** PROMPT **
Extract the full set of records that follows, word for word.

** EXTRACTED INFORMATION **
+-------+

(* (a) Let $(A,\widetilde{A})$ be a dual pair of closed operators on a Hilbert space satisfying the common core property with a common core $\mathcal{D}$, where $A$ is dissipative. Then there exist two symmetric operators $S$ and $V\ge0$ with $\mathcal{D}(S)=\mathcal{D}(V)=\mathcal{D}$ such that $A\upharpoonright_{\mathcal{D}}=S+iV$ and $\widetilde{A}\upharpoonright_{\mathcal{D}}=S-iV$. (b) Conversely, let $A$ be a dissipative operator of the form $A=S+iV$, where $S$ and $V\ge0$ are symmetric operators with $\mathcal{D}(A)=\mathcal{D}(S)=\mathcal{D}(V)=:\mathcal{D}$. Define $\widetilde{A}:=S-iV$ with $\mathcal{D}(\widetilde{A})=\mathcal{D}$. Then the closures $(\overline{A},\overline{\widetilde{A}})$ form a dual pair that has the common core property.
   Context: The inner product is antilinear in the first argument. A densely defined operator $B$ is dissipative if $\mathrm{Im}\langle\psi,B\psi\rangle\ge0$ for all $\psi\in\mathcal{D}(B)$. A pair $(A,\widetilde{A})$ of densely defined closable operators is a dual pair if $A\subset\widetilde{A}^*$ (equivalently $\widetilde{A}\subset A^*$). A dual pair of closed operators has the common core property if there is a subspace $\mathcal{D}\subset\mathcal{D}(A)\cap\mathcal{D}(\widetilde{A})$ with $\overline{A\upharpoonright_{\mathcal{D}}}=A$ and $\overline{\widetilde{A}\upharpoonright_{\mathcal{D}}}=\widetilde{A}$. *)

From HB Require Import structures.
From mathcomp Require Import all_boot all_order all_algebra.
From mathcomp Require Import boolp classical_sets reals.
From mathcomp Require Import complex.
Set Implicit Arguments. Unset Strict Implicit. Unset Printing Implicit Defensive.
Import Order.TTheory GRing.Theory Num.Theory.
Local Open Scope ring_scope.
Local Open Scope classical_set_scope.
(* Let $(a_n)_{n\ge1}$ be a sequence of positive real numbers with $\sum_n a_n=\infty$, and let $(m_n)_{n\ge1}$ be a sequence of positive integers such that for every $n\ge2$: $m_n>m_{n-1}$ and $1000\cdot4^{-m_n}\le a_n4^{-m_{n-1}}$. Then for Lebesgue-almost every $t\in[0,1]$ there are infinitely many $n$ such that $\operatorname{dist}(t,4^{-m_n}\mathbb{N})\le 4^{-m_n}a_n$.
   Context: $4^{-m}\mathbb{N}=\{4^{-m}k:k\in\mathbb{N}\}$. *)

From Stdlib Require Import Reals.
Open Scope R_scope.

Definition lebesgue_null (N : R -> Prop) : Prop :=
  forall eps : R, 0 < eps ->
    exists a b : nat -> R,
      (forall k, a k <= b k) /\
      (forall x, N x -> exists k, a k < x < b k) /\
      (forall n, sum_f_R0 (fun k => b k - a k) n <= eps).

(* dist(t, 4^{-m} N) <= r, with N = {0,1,2,...}; the distance to this discrete
   closed set is attained, so it is <= r iff some point lies within r. *)
Definition dist_grid_le (t : R) (m : nat) (r : R) : Prop :=
  exists k : nat, Rabs (t - INR k * (/ 4) ^ m) <= r.

From Stdlib Require Import Reals Lra Lia List Bool ZArith Classical ClassicalEpsilon.
Open Scope R_scope.

(* Fix N and let X_N be the set of points of [0,1) lying in no target
   [q 4^-m_n, q 4^-m_n + 4^-m_n a_n] with n >= N; the exceptional set is the
   union of the X_N (the point 1 is a grid point), so each X_N must be shown to
   have content zero.  Round a_n down to a power b_n = 4^-k_n <= min(a_n, 1) and
   call level n active when m_n + k_n <= m_(n+1).  The targets of an active level
   then remove exactly the fraction b_n of the cells of mesh 4^-m_(n+1), so
   counting the surviving cells covers X_N by grid cells of total length
   prod_(active n) (1 - b_n).  For an inactive level the gap condition forces
   b_n <= b_(n+1) / 16, hence the active b_n still have a divergent sum and the
   product tends to 0. *)

(** * Finite interval covers *)

Definition total_length (l : list (R * R)) : R :=
  fold_right (fun p s => snd p - fst p + s) 0 l.

Lemma total_length_app l1 l2 :
  total_length (l1 ++ l2) = total_length l1 + total_length l2.
Proof. induction l1 as [|p l1 IH]; simpl; [lra | rewrite IH; lra]. Qed.

Lemma total_length_nonneg l :
  (forall p, In p l -> fst p <= snd p) -> 0 <= total_length l.
Proof.
  induction l as [|p l IH]; intros Hl; simpl; [lra|].
  assert (fst p <= snd p) by (apply Hl; left; reflexivity).
  assert (0 <= total_length l) by (apply IH; intros q Hq; apply Hl; right; exact Hq).
  lra.
Qed.

Lemma sum_length_nth_le (l : list (R * R)) n :
  (forall p, In p l -> fst p <= snd p) ->
  sum_f_R0 (fun k => snd (nth k l (0, 0)) - fst (nth k l (0, 0))) n
    <= total_length l.
Proof.
  revert n; induction l as [|p l IH]; intros n Hl.
  - rewrite (sum_eq _ (fun _ => 0)) by (intros [|k] _; simpl; lra).
    rewrite sum_cte; simpl; lra.
  - assert (Hp : fst p <= snd p) by (apply Hl; left; reflexivity).
    assert (Hl' : forall q, In q l -> fst q <= snd q)
      by (intros q Hq; apply Hl; right; exact Hq).
    destruct n as [|n].
    + simpl. pose proof (total_length_nonneg l Hl'). lra.
    + rewrite decomp_sum by lia. simpl. specialize (IH n Hl'). lra.
Qed.

Definition content_zero (X : R -> Prop) : Prop :=
  forall eps, 0 < eps -> exists l : list (R * R),
    (forall p, In p l -> fst p <= snd p) /\
    total_length l <= eps /\
    (forall x, X x -> exists p, In p l /\ fst p < x < snd p).

Section Concatenation.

+-------+

** SOLUTION TO THE EXERCISE **
(* (a) Let $(A,\widetilde{A})$ be a dual pair of closed operators on a Hilbert space satisfying the common core property with a common core $\mathcal{D}$, where $A$ is dissipative. Then there exist two symmetric operators $S$ and $V\ge0$ with $\mathcal{D}(S)=\mathcal{D}(V)=\mathcal{D}$ such that $A\upharpoonright_{\mathcal{D}}=S+iV$ and $\widetilde{A}\upharpoonright_{\mathcal{D}}=S-iV$. (b) Conversely, let $A$ be a dissipative operator of the form $A=S+iV$, where $S$ and $V\ge0$ are symmetric operators with $\mathcal{D}(A)=\mathcal{D}(S)=\mathcal{D}(V)=:\mathcal{D}$. Define $\widetilde{A}:=S-iV$ with $\mathcal{D}(\widetilde{A})=\mathcal{D}$. Then the closures $(\overline{A},\overline{\widetilde{A}})$ form a dual pair that has the common core property.
   Context: The inner product is antilinear in the first argument. A densely defined operator $B$ is dissipative if $\mathrm{Im}\langle\psi,B\psi\rangle\ge0$ for all $\psi\in\mathcal{D}(B)$. A pair $(A,\widetilde{A})$ of densely defined closable operators is a dual pair if $A\subset\widetilde{A}^*$ (equivalently $\widetilde{A}\subset A^*$). A dual pair of closed operators has the common core property if there is a subspace $\mathcal{D}\subset\mathcal{D}(A)\cap\mathcal{D}(\widetilde{A})$ with $\overline{A\upharpoonright_{\mathcal{D}}}=A$ and $\overline{\widetilde{A}\upharpoonright_{\mathcal{D}}}=\widetilde{A}$. *)

From HB Require Import structures.
From mathcomp Require Import all_boot all_order all_algebra.
From mathcomp Require Import boolp classical_sets reals.
From mathcomp Require Import complex.
Set Implicit Arguments. Unset Strict Implicit. Unset Printing Implicit Defensive.
Import Order.TTheory GRing.Theory Num.Theory.
Local Open Scope ring_scope.
Local Open Scope classical_set_scope.
(* Let $(a_n)_{n\ge1}$ be a sequence of positive real numbers with $\sum_n a_n=\infty$, and let $(m_n)_{n\ge1}$ be a sequence of positive integers such that for every $n\ge2$: $m_n>m_{n-1}$ and $1000\cdot4^{-m_n}\le a_n4^{-m_{n-1}}$. Then for Lebesgue-almost every $t\in[0,1]$ there are infinitely many $n$ such that $\operatorname{dist}(t,4^{-m_n}\mathbb{N})\le 4^{-m_n}a_n$.
   Context: $4^{-m}\mathbb{N}=\{4^{-m}k:k\in\mathbb{N}\}$. *)

From Stdlib Require Import Reals.
Open Scope R_scope.

Definition lebesgue_null (N : R -> Prop) : Prop :=
  forall eps : R, 0 < eps ->
    exists a b : nat -> R,
      (forall k, a k <= b k) /\
      (forall x, N x -> exists k, a k < x < b k) /\
      (forall n, sum_f_R0 (fun k => b k - a k) n <= eps).

(* dist(t, 4^{-m} N) <= r, with N = {0,1,2,...}; the distance to this discrete
   closed set is attained, so it is <= r iff some point lies within r. *)
Definition dist_grid_le (t : R) (m : nat) (r : R) : Prop :=
  exists k : nat, Rabs (t - INR k * (/ 4) ^ m) <= r.

From Stdlib Require Import Reals Lra Lia List Bool ZArith Classical ClassicalEpsilon.
Open Scope R_scope.

(* Fix N and let X_N be the set of points of [0,1) lying in no target
   [q 4^-m_n, q 4^-m_n + 4^-m_n a_n] with n >= N; the exceptional set is the
   union of the X_N (the point 1 is a grid point), so each X_N must be shown to
   have content zero.  Round a_n down to a power b_n = 4^-k_n <= min(a_n, 1) and
   call level n active when m_n + k_n <= m_(n+1).  The targets of an active level
   then remove exactly the fraction b_n of the cells of mesh 4^-m_(n+1), so
   counting the surviving cells covers X_N by grid cells of total length
   prod_(active n) (1 - b_n).  For an inactive level the gap condition forces
   b_n <= b_(n+1) / 16, hence the active b_n still have a divergent sum and the
   product tends to 0. *)

(** * Finite interval covers *)

Definition total_length (l : list (R * R)) : R :=
  fold_right (fun p s => snd p - fst p + s) 0 l.

Lemma total_length_app l1 l2 :
  total_length (l1 ++ l2) = total_length l1 + total_length l2.
Proof. induction l1 as [|p l1 IH]; simpl; [lra | rewrite IH; lra]. Qed.

Lemma total_length_nonneg l :
  (forall p, In p l -> fst p <= snd p) -> 0 <= total_length l.
Proof.
  induction l as [|p l IH]; intros Hl; simpl; [lra|].
  assert (fst p <= snd p) by (apply Hl; left; reflexivity).
  assert (0 <= total_length l) by (apply IH; intros q Hq; apply Hl; right; exact Hq).
  lra.
Qed.

Lemma sum_length_nth_le (l : list (R * R)) n :
  (forall p, In p l -> fst p <= snd p) ->
  sum_f_R0 (fun k => snd (nth k l (0, 0)) - fst (nth k l (0, 0))) n
    <= total_length l.
Proof.
  revert n; induction l as [|p l IH]; intros n Hl.
  - rewrite (sum_eq _ (fun _ => 0)) by (intros [|k] _; simpl; lra).
    rewrite sum_cte; simpl; lra.
  - assert (Hp : fst p <= snd p) by (apply Hl; left; reflexivity).
    assert (Hl' : forall q, In q l -> fst q <= snd q)
      by (intros q Hq; apply Hl; right; exact Hq).
    destruct n as [|n].
    + simpl. pose proof (total_length_nonneg l Hl'). lra.
    + rewrite decomp_sum by lia. simpl. specialize (IH n Hl'). lra.
Qed.

Definition content_zero (X : R -> Prop) : Prop :=
  forall eps, 0 < eps -> exists l : list (R * R),
    (forall p, In p l -> fst p <= snd p) /\
    total_length l <= eps /\
    (forall x, X x -> exists p, In p l /\ fst p < x < snd p).

Section Concatenation.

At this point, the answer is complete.